*** Opening Given information ***

Lemma integral_le_grid_mass : (0 < N)%N ->
  (\int[mu]_x (g x * p x)%:E <= (\sum_(j < N.+1) j.+1%:R / N%:R * grid_mass j)%:E)%E.
Proof.
move=> N_gt0; have gp_ge0 x : 0 <= g x * p x by rewrite mulr_ge0.
rewrite (integral_grid_level_sum N g_ge0 g_le1 mg mu (measurable_funM mg mp) gp_ge0).
rewrite -sumEFin; apply: lee_sum => j _.
have mj := mgrid j.
rewrite EFinM -grid_mass_integralE -ge0_integralZl_EFin//; first last.
- by apply/measurable_EFinP; exact: measurable_funS mp.
- by move=> x _; rewrite lee_fin.
apply: ge0_le_integral => //.
- by move=> x _; rewrite lee_fin; exact: gp_ge0.
- by apply/measurable_EFinP; exact: measurable_funS (measurable_funM mg mp).
- by apply/measurable_funeM/measurable_EFinP; exact: measurable_funS mp.
move=> x /= gx_j; rewrite lee_fin ler_wpM2r// -gx_j ltW//.
exact: grid_level_gt.
Qed.

Lemma grid_mgf_le (lam m : R) : 0 <= lam <= 1 -> (0 < N)%N ->
  (m%:E <= \int[mu]_x (g x * p x)%:E)%E ->
  \sum_(j < N.+1) expR (- (lam * (j%:R / N%:R))) * grid_mass j <=
  1 - (lam - lam ^+ 2 / 2) * (m - N%:R^-1).
Proof.
move=> lam01 N_gt0 m_le; set c := lam - lam ^+ 2 / 2.
have c_ge0 : 0 <= c.
  have /andP[lam0 lam1] := lam01.
  have : lam ^+ 2 <= lam by rewrite expr2 ler_piMr.
  rewrite /c; lra.
have m_leS := le_trans m_le (integral_le_grid_mass N_gt0); rewrite lee_fin in m_leS.
apply: (@le_trans _ _ (\sum_(j < N.+1) (1 - c * (j%:R / N%:R)) * grid_mass j)).
  apply: ler_sum => j _; rewrite ler_wpM2r ?grid_mass_ge0// expRN_mul_le//.
  by rewrite divr_ge0//= ler_pdivrMr ?ltr0n// mul1r ler_nat -ltnS.
have -> : \sum_(j < N.+1) (1 - c * (j%:R / N%:R)) * grid_mass j =
    1 - c * (\sum_(j < N.+1) j.+1%:R / N%:R * grid_mass j - N%:R^-1).
  rewrite (eq_bigr (fun j => grid_mass j -
      c * (j.+1%:R / N%:R * grid_mass j - N%:R^-1 * grid_mass j))); last first.
    by move=> j _; rewrite -natr1; ring.
  by rewrite sumrB -mulr_sumr sumrB -mulr_sumr sum_grid_mass mulr1.
by rewrite lerB// ler_wpM2l// lerB.
Qed.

*** Closing Given information ***

What this task involves - Show every line from the entries that includes the word "exact".

Expected answer -
- by apply/measurable_EFinP; exact: measurable_funS mp.
- by move=> x _; rewrite lee_fin; exact: gp_ge0.
- by apply/measurable_EFinP; exact: measurable_funS (measurable_funM mg mp).
- by apply/measurable_funeM/measurable_EFinP; exact: measurable_funS mp.
exact: grid_level_gt.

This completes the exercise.